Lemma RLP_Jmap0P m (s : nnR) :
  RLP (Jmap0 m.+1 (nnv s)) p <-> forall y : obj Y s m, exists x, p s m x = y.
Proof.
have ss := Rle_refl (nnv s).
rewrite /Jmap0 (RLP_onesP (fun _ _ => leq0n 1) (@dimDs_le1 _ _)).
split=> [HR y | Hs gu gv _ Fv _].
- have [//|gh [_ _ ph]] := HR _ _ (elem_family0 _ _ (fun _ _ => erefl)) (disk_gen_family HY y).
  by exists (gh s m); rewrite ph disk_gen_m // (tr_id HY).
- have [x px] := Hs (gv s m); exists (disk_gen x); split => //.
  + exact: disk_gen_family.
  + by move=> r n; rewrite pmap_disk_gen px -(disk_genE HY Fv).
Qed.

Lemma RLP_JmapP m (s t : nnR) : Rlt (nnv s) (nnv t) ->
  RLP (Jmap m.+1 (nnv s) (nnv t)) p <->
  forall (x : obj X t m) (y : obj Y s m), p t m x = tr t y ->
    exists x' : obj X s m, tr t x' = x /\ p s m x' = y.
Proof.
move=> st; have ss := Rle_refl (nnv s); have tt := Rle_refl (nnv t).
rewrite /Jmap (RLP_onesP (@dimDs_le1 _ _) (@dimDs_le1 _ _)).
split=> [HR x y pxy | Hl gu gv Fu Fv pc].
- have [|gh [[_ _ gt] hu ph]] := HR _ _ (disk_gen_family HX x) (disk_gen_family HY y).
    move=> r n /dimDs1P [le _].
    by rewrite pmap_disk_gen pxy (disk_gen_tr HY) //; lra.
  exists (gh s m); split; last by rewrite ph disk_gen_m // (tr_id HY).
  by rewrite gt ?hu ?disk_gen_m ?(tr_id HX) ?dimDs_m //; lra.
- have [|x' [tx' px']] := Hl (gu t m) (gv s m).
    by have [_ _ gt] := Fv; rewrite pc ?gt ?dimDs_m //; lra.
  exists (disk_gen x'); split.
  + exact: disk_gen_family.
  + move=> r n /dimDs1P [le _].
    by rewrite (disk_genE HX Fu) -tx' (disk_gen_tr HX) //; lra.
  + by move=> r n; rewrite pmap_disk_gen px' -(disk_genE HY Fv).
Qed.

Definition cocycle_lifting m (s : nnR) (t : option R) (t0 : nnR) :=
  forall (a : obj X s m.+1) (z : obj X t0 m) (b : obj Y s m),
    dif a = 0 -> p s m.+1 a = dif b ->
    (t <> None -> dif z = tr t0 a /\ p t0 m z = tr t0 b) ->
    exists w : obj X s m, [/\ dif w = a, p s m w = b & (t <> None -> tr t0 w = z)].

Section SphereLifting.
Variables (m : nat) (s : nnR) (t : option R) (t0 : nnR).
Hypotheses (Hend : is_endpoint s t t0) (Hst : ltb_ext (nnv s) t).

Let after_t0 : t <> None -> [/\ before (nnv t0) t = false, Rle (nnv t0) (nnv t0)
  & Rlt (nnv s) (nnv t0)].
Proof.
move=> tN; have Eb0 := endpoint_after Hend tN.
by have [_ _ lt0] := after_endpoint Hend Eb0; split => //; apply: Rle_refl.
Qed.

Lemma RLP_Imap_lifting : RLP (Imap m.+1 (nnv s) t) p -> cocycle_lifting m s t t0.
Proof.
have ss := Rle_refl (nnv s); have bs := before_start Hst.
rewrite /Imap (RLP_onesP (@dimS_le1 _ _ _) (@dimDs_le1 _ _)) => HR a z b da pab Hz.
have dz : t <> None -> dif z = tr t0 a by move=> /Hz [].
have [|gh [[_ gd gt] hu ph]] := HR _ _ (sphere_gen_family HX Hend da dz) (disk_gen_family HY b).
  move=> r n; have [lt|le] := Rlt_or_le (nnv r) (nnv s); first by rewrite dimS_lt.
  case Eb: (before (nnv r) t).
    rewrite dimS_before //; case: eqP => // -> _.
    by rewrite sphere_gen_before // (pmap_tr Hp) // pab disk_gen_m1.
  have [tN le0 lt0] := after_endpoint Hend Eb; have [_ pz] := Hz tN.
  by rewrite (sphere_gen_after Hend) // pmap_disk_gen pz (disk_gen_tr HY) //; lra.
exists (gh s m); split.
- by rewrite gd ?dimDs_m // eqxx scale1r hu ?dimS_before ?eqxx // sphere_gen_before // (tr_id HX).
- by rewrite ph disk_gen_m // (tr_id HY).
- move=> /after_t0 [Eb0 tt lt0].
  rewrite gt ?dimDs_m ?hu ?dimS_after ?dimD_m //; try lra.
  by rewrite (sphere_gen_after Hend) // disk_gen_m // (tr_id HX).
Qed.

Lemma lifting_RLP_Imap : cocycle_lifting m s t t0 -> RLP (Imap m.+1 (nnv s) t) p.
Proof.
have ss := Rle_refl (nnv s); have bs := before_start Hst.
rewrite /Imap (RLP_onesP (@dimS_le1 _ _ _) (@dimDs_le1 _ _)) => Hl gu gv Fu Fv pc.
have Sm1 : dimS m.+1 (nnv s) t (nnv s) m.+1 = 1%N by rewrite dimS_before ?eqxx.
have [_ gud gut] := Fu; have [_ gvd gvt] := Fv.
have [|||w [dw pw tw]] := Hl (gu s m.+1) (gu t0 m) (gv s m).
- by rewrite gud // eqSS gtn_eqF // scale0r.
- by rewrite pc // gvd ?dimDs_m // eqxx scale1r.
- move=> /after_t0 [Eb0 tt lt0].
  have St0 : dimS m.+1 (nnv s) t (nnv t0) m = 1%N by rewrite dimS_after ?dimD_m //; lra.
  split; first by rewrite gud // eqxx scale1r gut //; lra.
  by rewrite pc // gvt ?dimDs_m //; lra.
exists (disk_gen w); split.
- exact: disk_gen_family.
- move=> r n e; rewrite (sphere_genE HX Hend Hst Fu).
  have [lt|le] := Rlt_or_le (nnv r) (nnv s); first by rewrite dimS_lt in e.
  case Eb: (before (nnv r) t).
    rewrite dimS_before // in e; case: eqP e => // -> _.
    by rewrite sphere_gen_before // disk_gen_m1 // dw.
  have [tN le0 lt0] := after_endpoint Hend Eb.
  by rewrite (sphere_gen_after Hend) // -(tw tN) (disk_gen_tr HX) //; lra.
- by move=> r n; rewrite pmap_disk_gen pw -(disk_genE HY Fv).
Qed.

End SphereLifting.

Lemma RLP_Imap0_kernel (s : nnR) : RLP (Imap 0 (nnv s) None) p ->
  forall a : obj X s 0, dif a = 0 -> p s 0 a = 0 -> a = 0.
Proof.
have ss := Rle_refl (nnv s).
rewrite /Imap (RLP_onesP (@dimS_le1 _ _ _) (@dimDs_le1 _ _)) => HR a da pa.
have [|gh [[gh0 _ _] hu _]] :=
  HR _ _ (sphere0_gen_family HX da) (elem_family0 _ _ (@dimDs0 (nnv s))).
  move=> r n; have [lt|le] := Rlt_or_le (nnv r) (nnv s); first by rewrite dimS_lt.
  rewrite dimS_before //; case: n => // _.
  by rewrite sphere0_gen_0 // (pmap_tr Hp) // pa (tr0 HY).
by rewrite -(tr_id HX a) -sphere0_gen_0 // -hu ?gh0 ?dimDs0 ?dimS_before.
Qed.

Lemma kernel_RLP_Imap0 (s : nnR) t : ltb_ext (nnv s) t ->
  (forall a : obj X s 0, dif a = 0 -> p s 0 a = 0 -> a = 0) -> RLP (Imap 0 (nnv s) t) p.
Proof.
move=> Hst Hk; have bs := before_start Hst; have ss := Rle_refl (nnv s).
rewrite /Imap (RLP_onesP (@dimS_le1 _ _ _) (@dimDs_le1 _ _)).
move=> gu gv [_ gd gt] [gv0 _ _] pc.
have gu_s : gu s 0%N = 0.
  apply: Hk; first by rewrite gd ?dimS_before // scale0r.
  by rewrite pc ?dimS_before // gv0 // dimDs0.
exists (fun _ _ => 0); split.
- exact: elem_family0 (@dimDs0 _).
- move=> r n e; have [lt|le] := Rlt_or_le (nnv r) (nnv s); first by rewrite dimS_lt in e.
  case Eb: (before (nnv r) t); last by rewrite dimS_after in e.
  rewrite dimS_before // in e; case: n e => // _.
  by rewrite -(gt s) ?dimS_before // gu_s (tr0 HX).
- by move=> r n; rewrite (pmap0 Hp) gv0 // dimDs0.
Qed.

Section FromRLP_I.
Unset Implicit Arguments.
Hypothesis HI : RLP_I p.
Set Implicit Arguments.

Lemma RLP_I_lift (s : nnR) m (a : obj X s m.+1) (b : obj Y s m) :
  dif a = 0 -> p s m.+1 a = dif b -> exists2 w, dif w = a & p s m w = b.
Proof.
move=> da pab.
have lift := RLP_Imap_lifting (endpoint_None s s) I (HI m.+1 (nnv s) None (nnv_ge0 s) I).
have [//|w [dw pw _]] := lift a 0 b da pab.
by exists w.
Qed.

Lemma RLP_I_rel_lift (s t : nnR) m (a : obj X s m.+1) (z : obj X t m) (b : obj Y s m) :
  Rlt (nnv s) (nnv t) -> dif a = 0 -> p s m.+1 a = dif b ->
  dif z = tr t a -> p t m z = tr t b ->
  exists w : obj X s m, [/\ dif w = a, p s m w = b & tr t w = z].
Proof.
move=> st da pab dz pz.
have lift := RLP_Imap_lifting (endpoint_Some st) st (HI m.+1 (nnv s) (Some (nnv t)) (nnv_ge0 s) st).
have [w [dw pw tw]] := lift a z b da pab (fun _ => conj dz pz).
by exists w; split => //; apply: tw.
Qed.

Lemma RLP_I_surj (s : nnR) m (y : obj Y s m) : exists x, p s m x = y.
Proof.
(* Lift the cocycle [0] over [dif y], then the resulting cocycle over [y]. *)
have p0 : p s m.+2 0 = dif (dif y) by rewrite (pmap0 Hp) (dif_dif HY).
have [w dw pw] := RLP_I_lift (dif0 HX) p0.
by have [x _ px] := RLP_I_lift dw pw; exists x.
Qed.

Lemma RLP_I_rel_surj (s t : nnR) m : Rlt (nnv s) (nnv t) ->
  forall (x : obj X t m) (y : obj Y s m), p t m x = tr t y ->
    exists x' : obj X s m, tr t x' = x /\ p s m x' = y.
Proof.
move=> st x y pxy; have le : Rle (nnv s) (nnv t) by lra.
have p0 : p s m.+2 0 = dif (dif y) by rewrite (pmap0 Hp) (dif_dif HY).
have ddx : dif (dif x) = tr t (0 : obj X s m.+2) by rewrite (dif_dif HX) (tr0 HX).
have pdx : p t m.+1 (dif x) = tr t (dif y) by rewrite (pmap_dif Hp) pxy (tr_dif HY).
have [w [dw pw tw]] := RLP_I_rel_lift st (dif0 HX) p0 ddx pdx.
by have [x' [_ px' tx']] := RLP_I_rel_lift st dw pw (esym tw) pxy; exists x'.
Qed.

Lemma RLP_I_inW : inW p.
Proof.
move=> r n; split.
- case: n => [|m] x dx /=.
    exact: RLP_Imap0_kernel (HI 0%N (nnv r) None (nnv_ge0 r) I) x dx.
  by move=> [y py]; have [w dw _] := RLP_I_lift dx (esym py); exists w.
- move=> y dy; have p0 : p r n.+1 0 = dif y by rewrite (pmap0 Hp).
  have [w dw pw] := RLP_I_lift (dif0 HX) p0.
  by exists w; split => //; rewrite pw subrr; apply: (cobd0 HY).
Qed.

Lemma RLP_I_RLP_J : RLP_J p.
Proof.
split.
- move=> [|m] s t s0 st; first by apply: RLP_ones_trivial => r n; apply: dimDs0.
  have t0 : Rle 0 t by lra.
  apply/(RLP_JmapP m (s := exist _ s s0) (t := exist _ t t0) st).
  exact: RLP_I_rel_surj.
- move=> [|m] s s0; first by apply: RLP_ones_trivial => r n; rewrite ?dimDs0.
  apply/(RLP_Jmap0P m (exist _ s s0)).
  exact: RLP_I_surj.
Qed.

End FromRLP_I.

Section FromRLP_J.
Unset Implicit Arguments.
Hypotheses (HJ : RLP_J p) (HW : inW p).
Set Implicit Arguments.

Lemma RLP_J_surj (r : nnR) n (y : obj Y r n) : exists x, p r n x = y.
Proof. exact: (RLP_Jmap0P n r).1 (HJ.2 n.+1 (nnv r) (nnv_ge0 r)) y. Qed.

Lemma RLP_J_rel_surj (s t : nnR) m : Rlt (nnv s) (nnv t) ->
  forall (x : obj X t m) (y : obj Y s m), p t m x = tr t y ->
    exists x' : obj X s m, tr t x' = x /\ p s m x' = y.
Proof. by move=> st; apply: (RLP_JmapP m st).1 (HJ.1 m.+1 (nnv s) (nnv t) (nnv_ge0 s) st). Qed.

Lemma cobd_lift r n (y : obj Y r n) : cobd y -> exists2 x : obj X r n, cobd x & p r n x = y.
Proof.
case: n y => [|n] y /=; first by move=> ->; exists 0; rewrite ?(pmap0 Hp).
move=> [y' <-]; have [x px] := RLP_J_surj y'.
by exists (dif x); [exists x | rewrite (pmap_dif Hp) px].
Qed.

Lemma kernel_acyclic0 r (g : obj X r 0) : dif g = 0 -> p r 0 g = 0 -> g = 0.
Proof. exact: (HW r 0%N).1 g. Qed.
==================================================
TRY IT
Lines before the one containing "exact: RLP_Imap0_kernel (HI" are left out. Repeat that line and all lines after it in the records above exactly.

RESPONSE
    exact: RLP_Imap0_kernel (HI 0%N (nnv r) None (nnv_ge0 r) I) x dx.
  by move=> [y py]; have [w dw _] := RLP_I_lift dx (esym py); exists w.
- move=> y dy; have p0 : p r n.+1 0 = dif y by rewrite (pmap0 Hp).
  have [w dw pw] := RLP_I_lift (dif0 HX) p0.
  by exists w; split => //; rewrite pw subrr; apply: (cobd0 HY).
Qed.

Lemma RLP_I_RLP_J : RLP_J p.
Proof.
split.
- move=> [|m] s t s0 st; first by apply: RLP_ones_trivial => r n; apply: dimDs0.
  have t0 : Rle 0 t by lra.
  apply/(RLP_JmapP m (s := exist _ s s0) (t := exist _ t t0) st).
  exact: RLP_I_rel_surj.
- move=> [|m] s s0; first by apply: RLP_ones_trivial => r n; rewrite ?dimDs0.
  apply/(RLP_Jmap0P m (exist _ s s0)).
  exact: RLP_I_surj.
Qed.

End FromRLP_I.

Section FromRLP_J.
Unset Implicit Arguments.
Hypotheses (HJ : RLP_J p) (HW : inW p).
Set Implicit Arguments.

Lemma RLP_J_surj (r : nnR) n (y : obj Y r n) : exists x, p r n x = y.
Proof. exact: (RLP_Jmap0P n r).1 (HJ.2 n.+1 (nnv r) (nnv_ge0 r)) y. Qed.

Lemma RLP_J_rel_surj (s t : nnR) m : Rlt (nnv s) (nnv t) ->
  forall (x : obj X t m) (y : obj Y s m), p t m x = tr t y ->
    exists x' : obj X s m, tr t x' = x /\ p s m x' = y.
Proof. by move=> st; apply: (RLP_JmapP m st).1 (HJ.1 m.+1 (nnv s) (nnv t) (nnv_ge0 s) st). Qed.

Lemma cobd_lift r n (y : obj Y r n) : cobd y -> exists2 x : obj X r n, cobd x & p r n x = y.
Proof.
case: n y => [|n] y /=; first by move=> ->; exists 0; rewrite ?(pmap0 Hp).
move=> [y' <-]; have [x px] := RLP_J_surj y'.
by exists (dif x); [exists x | rewrite (pmap_dif Hp) px].
Qed.

Lemma kernel_acyclic0 r (g : obj X r 0) : dif g = 0 -> p r 0 g = 0 -> g = 0.
Proof. exact: (HW r 0%N).1 g. Qed.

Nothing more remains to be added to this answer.